Chemosensory cues to conspecific emotional stress activate amygdala in humans

Abstract

Alarm substances are airborne chemical signals, released by an individual into the environment, which communicate emotional stress between conspecifics. Here we tested whether humans, like other mammals, are able to detect emotional stress in others by chemosensory cues. Sweat samples collected from individuals undergoing an acute emotional stressor, with exercise as a control, were pooled and presented to a separate group of participants (blind to condition) during four experiments. In an fMRI experiment and its replication, we showed that scanned participants showed amygdala activation in response to samples obtained from donors undergoing an emotional, but not physical, stressor. An odor-discrimination experiment suggested the effect was primarily due to emotional, and not odor, differences between the two stimuli. A fourth experiment investigated behavioral effects, demonstrating that stress samples sharpened emotion-perception of ambiguous facial stimuli. Together, our findings suggest human chemosensory signaling of emotional stress, with neurobiological and behavioral effects.

Figure 1. During the fMRI scans, participants' breathing was synchronized via a continuously expanding and contracting circle (a), which cued inhalation and exhalation, respectively.

Stress and exercise sweat were presented in a randomized block design, with each 20s block comprised of four inhalations-exhalations (b), timed to a five-second cycle.

Figure 2. Breathing stress-derived sweat modulates the amygdala, the primary brain region associated with emotional processing.

The unmasked activation map (a) reflects the STRESS−EXERCISE contrast, and was produced using height threshold t = 3.7, p<0.001 (uncorrected) and extent threshold k = 5 voxels. The MNI coordinates of the maximally activated voxel, located in the left amygdala, are [x = −27, y = −6, z = −12] (t = 5.21/Z = 3.88; p _{(small-volume-corrected)} = 0.008). Inspection of the mean response to STRESS-REST and EXERCISE-REST contrasts (b) initially appeared to suggest mean deactivation in response to EXERCISE sweat. However, once we factored in the variance (c), it became clear that the effect for the STRESS-EXERICISE contrast was predominantly due to activation in response to the STRESS condition, rather than to deactivation in response to the EXERCISE condition, as only the former showed statistically significant changes from baseline.

Figure 3. Full-brain activation maps for replication fMRI study, showing activation levels (STRESS>EXERCISE) in warm colors and de-activations (EXERCISE>STRESS) in cool colors, showed that differences between the two conditions were most pronounced in the amygdala, with no significant de-activations.

These images were produced at p<0.005, with extent threshold = 5 voxels. Table 1 provides a list of all significantly activated clusters corresponding to this whole-brain random-effects analysis.

Figure 4. On Likert Scales, participants rated both conditions as mild and neutral; there were no significant differences between their ratings between conditions.
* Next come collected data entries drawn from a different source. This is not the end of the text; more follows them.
(* Let $L$ be a finite distributive lattice and let $K$ be a cutting of $L$. For every $k\ge0$, $$q_k(L\boxplus K)=q_k(L)+q_k(K)+q_{k-1}(K).$$ In particular, $|L\boxplus K|=|L|+|K|$.
   Context: For a finite poset $P$, $\mathcal{F}(P)$ is the set of filters (up-sets) of $P$ ordered by reverse inclusion; every finite distributive lattice is isomorphic to some $\mathcal{F}(P)$. A cutting of a finite distributive lattice $L$ is an interval $K=[\hat0_K,\hat1_K]$ of $L$ such that every maximal chain of $L$ meets $K$. For a cutting $K$ of $L=\mathcal{F}(P)$, let $S=\hat0_K\setminus\hat1_K$, $S_0$ the set of maximal elements of $P\setminus\hat0_K$, $S_1$ the set of minimal elements of $\hat1_K$. The poset $P_K$ is $P\cup\{x_K\}$ ($x_K$ new) where the order on $P$ is unchanged, $z<x_K$ iff $z\le s$ for some $s\in S_0$, $x_K<y$ iff $y\ge s$ for some $s\in S_1$, and $x_K$ is incomparable to every element of $S$. The convex expansion is $L\boxplus K:=\mathcal{F}(P_K)$. For a finite lattice $M$ and $k\ge0$, $q_k(M)$ is the number of convex sublattices (intervals) of $M$ isomorphic to the Boolean lattice $\mathbf{B}_k$ with $2^k$ elements (so $q_0(M)=|M|$), and $q_{-1}(M)=0$. *)

From mathcomp Require Import all_boot.
Set Implicit Arguments. Unset Strict Implicit. Unset Printing Implicit Defensive.

(* A finite poset is a finType T with a relation le (partial order assumed in
   the theorem).  Filters (up-sets) of a relation: *)
Definition upclosed (T : finType) (le : rel T) (A : {set T}) : bool :=
  [forall x, forall y, (x \in A) && le x y ==> (y \in A)].

(* F(P): the set of filters; ordered by reverse inclusion. *)
Definition filters (T : finType) (le : rel T) : {set {set T}} :=
  [set A : {set T} | upclosed le A].

Definition revsub (T : finType) : rel {set T} := fun A B => B \subset A.

Definition bool_interval (T : finType) (M : {set T}) (le : rel T) (k : nat)
  (x y : T) : bool :=
  [exists f : {ffun {set 'I_k} -> T},
     [forall A : {set 'I_k}, forall B : {set 'I_k}, (A \subset B) == le (f A) (f B)] &&
     [forall z, ((z \in M) && le x z && le z y) == (z \in codom f)]].

Definition qk (T : finType) (M : {set T}) (le : rel T) (k : nat) : nat :=
  #|[set p : T * T | [&& p.1 \in M, p.2 \in M, le p.1 p.2 &
                        bool_interval M le k p.1 p.2]]|.

(* q_{k-1} with the convention q_{-1} = 0 (argument is k). *)
Definition qk_pred (T : finType) (M : {set T}) (le : rel T) (k : nat) : nat :=
  if k is k'.+1 then qk M le k' else 0.

(* The interval K = [a0, a1] of L = F(P) (a0 <= a1 in L, i.e. a1 \subset a0). *)
Definition cut_interval (T : finType) (le : rel T) (a0 a1 : {set T})
  : {set {set T}} :=
  [set A in filters le | (a1 \subset A) && (A \subset a0)].

Definition is_chain (T : finType) (le : rel T) (C : {set {set T}}) : Prop :=
  C \subset filters le /\
  forall A B, A \in C -> B \in C -> (A \subset B) || (B \subset A).

Definition is_max_chain (T : finType) (le : rel T) (C : {set {set T}}) : Prop :=
  is_chain le C /\ forall D, is_chain le D -> C \subset D -> D = C.

Definition cutting (T : finType) (le : rel T) (a0 a1 : {set T}) : Prop :=
  [/\ a0 \in filters le, a1 \in filters le, a1 \subset a0 &
      forall C, is_max_chain le C ->
        exists A, A \in C /\ A \in cut_interval le a0 a1].
(* Let $M$ be a submanifold of the Euclidean space $\mathbb{E}^m$ with induced metric $g$, position vector field $\mathbf{x}=\mathbf{x}^T+\mathbf{x}^N$ (tangential and normal components), and let $\beta,\gamma,\delta$ be smooth functions on $M$. Then $(M,g,\mathbf{x}^T,\beta,\gamma,\delta)$ is a generalized soliton, i.e. $\frac12\mathcal{L}_{\mathbf{x}^T}g+\beta\,\mathrm{Ric}=\gamma g+\delta\,(\mathbf{x}^T)^\flat\otimes(\mathbf{x}^T)^\flat$, if and only if the Ricci tensor of $M$ satisfies $$\beta\,\mathrm{Ric}(X,Y)=(\gamma-1)g(X,Y)+\delta\,g(\mathbf{x}^T,X)g(\mathbf{x}^T,Y)-g(A_{\mathbf{x}^N}X,Y)$$ for all vector fields $X,Y$ tangent to $M$.
   Context: $A_\zeta$ denotes the shape operator of $M$ in $\mathbb{E}^m$ with respect to a normal vector field $\zeta$, defined by the Weingarten formula $\widetilde\nabla_X\zeta=-A_\zeta X+D_X\zeta$ ($\widetilde\nabla$ the Euclidean connection, $D$ the normal connection). $(\mathbf{x}^T)^\flat=g(\mathbf{x}^T,\cdot)$. *)

(* Local-coordinate formalization of a submanifold
   of E^m given by a parametrization (immersion) phi : U (open in R^n) -> R^m. *)
From HB Require Import structures.
From mathcomp Require Import all_boot all_order all_algebra.
From mathcomp Require Import all_classical all_reals all_analysis.
Set Implicit Arguments. Unset Strict Implicit. Unset Printing Implicit Defensive.
Import Order.TTheory GRing.Theory Num.Theory.
Import numFieldNormedType.Exports.
Local Open Scope classical_set_scope.
Local Open Scope ring_scope.

Section Geom.
Variables (R : realType) (n m : nat).

Definition ebas (i : 'I_n) : 'rV[R]_n := delta_mx 0 i.

Definition pd {W : normedModType R} (i : 'I_n) (f : 'rV[R]_n -> W) (u : 'rV[R]_n) : W :=
  'D_(ebas i) f u.

Definition iterD {W : normedModType R} (s : seq 'I_n) (f : 'rV[R]_n -> W) : 'rV[R]_n -> W :=
  foldr (fun i g => pd i g) f s.

Definition smooth_on {W : normedModType R} (U : set 'rV[R]_n) (f : 'rV[R]_n -> W) : Prop :=
  forall (s : seq 'I_n) (i : 'I_n) (u : 'rV[R]_n), U u -> derivable (iterD s f) u (ebas i).

Definition dotv (a b : 'rV[R]_m) : R := \sum_(k < m) a 0 k * b 0 k.

Variable phi : 'rV[R]_n -> 'rV[R]_m.

Definition dphi (i : 'I_n) (u : 'rV[R]_n) : 'rV[R]_m := pd i phi u.

Definition jac (u : 'rV[R]_n) : 'M[R]_(n, m) := \matrix_(i < n) dphi i u.

Definition gmet (i j : 'I_n) (u : 'rV[R]_n) : R := dotv (dphi i u) (dphi j u).
Definition gmat (u : 'rV[R]_n) : 'M[R]_n := \matrix_(i, j) gmet i j u.
Definition ginv (u : 'rV[R]_n) : 'M[R]_n := invmx (gmat u).

(* coefficients of the tangential part x^T of the position vector x = phi *)
Definition xTc (k : 'I_n) (u : 'rV[R]_n) : R :=
  \sum_(l < n) ginv u k l * dotv (phi u) (dphi l u).
Definition xT (u : 'rV[R]_n) : 'rV[R]_m := \sum_(k < n) xTc k u *: dphi k u.
Definition xN (u : 'rV[R]_n) : 'rV[R]_m := phi u - xT u.

Definition xTflat (i : 'I_n) (u : 'rV[R]_n) : R := dotv (xT u) (dphi i u).

Definition lieg (i j : 'I_n) (u : 'rV[R]_n) : R :=
  \sum_(k < n) (xTc k u * pd k (gmet i j) u
                + gmet k j u * pd i (xTc k) u
                + gmet i k u * pd j (xTc k) u).

(* g(A_{x^N} d_i, d_j), from Weingarten: A_zeta X = -(tangential part of
   tilde-nabla_X zeta), i.e. g(A_zeta X, Y) = - <tilde-nabla_X zeta, Y> *)
Definition shapeN (i j : 'I_n) (u : 'rV[R]_n) : R :=
  - dotv (pd i xN u) (dphi j u).

Definition chris (k i j : 'I_n) (u : 'rV[R]_n) : R :=
  2^-1 * \sum_(l < n) ginv u k l *
     (pd i (gmet j l) u + pd j (gmet i l) u - pd l (gmet i j) u).

Definition ricci (i j : 'I_n) (u : 'rV[R]_n) : R :=
  \sum_(k < n) (pd k (chris k i j) u - pd j (chris k i k) u
     + \sum_(p < n) (chris k k p u * chris p i j u - chris k j p u * chris p i k u)).

End Geom.

(* In a chart phi the statement reduces to the identity
   1/2 (L_{x^T} g)_ij = g_ij + g(A_{x^N} d_i, d_j).  Write x^T = sum_k c^k d_k phi.
   Differentiating <x^T, d_j phi> = <phi, d_j phi> along d_i gives
   sum_k (d_i c^k g_kj + c^k d_i g_kj) = g_ij + <phi, d_i d_j phi>, and differentiating
   <x^N, d_j phi> = 0 gives g(A_{x^N} d_i, d_j) = <x^N, d_i d_j phi>.  Adding the first
   identity to its (j, i) counterpart and using d_i d_j phi = d_j d_i phi yields the
   claim; the theorem is then a rearrangement of the soliton equation.

   Smoothness only provides the existence of all iterated partial derivatives, so the
   symmetry of second derivatives needs an argument without continuity assumptions:
   the mixed derivative is separately continuous on every coordinate plane, hence, by
   Baire's theorem, jointly continuous at points arbitrarily close to any given one;
   Schwarz's mean value argument applies at those points, and continuity along one
   line carries the equality back. *)

From Pilot Require Import Defs.
From HB Require Import structures.
From mathcomp Require Import all_boot all_order all_algebra.
From mathcomp Require Import all_classical all_reals all_analysis.
From mathcomp Require Import ring lra.
Set Implicit Arguments. Unset Strict Implicit. Unset Printing Implicit Defensive.
Import Order.TTheory GRing.Theory Num.Theory.
Import numFieldNormedType.Exports.
Local Open Scope classical_set_scope.
Local Open Scope ring_scope.

(** * Points of joint continuity *)

Section RealBalls.
Variable R : realType.

Lemma openR_dist (A : set R) :
  (forall x, A x -> exists2 d, 0 < d & forall y, `|x - y| < d -> A y) -> open A.
Proof.
move=> H; rewrite openE => x Ax; apply/nbhs_ballP.
have [d d0 Hd] := H x Ax; exists d => // y; rewrite -ball_normE.
Qed.

Lemma open_dist (A : set R) x : open A -> A x ->
  exists2 d, 0 < d & forall y, `|x - y| < d -> A y.
Proof.
move=> oA Ax; have /nbhs_ballP[d d0 Hd] : nbhs x A by exact: open_nbhs_nbhs.
by exists d => // y xy; apply: Hd; rewrite -ball_normE.
Qed.

Lemma denseR_dist (S : set R) :
  (forall x d, 0 < d -> exists y, `|x - y| < d /\ S y) -> dense S.
Proof.
move=> H O [x Ox] oO; have [d d0 Hd] := open_dist oO Ox.
by have [y [xy Sy]] := H x d d0; exists y; split => //; exact: Hd.
Qed.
A separate forced-choice discrimination experiment additionally indicated that participants were unable to distinguish between the two odors. Together, these suggest that the amygdala activation seen in response to the STRESS, but not EXERCISE, sweat was due to engagement of emotional processing rather than perception of distinct odors.

Figure 5. Psychometric curves generated by a forced-choice assessment of ambiguous threat show sharpened discrimination between threat and non-threat while breathing stress-derived sweat.

For each participant, data for each condition (STRESS, EXERCISE) were fitted with the sigmoid function, where p ₀ and p ₀+Δp define upper and lower asymptotes, A₀ is the inflection point, and σ defines slope. Significant differences between conditions were seen for slope, with individuals under the STRESS condition more closely approximating ideal perceptual discrimination, shown by the dotted line.

Figure 6. Gas chromatography mass spectroscopy analyses of exercise sweat samples were used to validate that our collection and aqueous extraction methods were capable of sampling over hydrophobic (steroid) components in human apocrine sweat.

Total ion count gas chromatography trace of aqueous human sweat extract shows the presence of cholesterol, which is hydrophobic.

Figure 7. Gas chromatography mass spectroscopy analyses of exercise sweat samples were used to validate that our collection and aqueous extraction methods were capable of sampling over hydrophobic (steroid) components in human apocrine sweat.

Mass spectrum of retention time 19.512 minutes shows the presence of human steroids found in apocrine sweat.

Figure 8. Gas chromatography mass spectroscopy analyses of exercise sweat samples were used to validate that our collection and aqueous extraction methods were capable of sampling over hydrophobic (steroid) components in human apocrine sweat.

Mass spectrum of retention time 20.655 minutes shows the presence of human steroids found in apocrine sweat.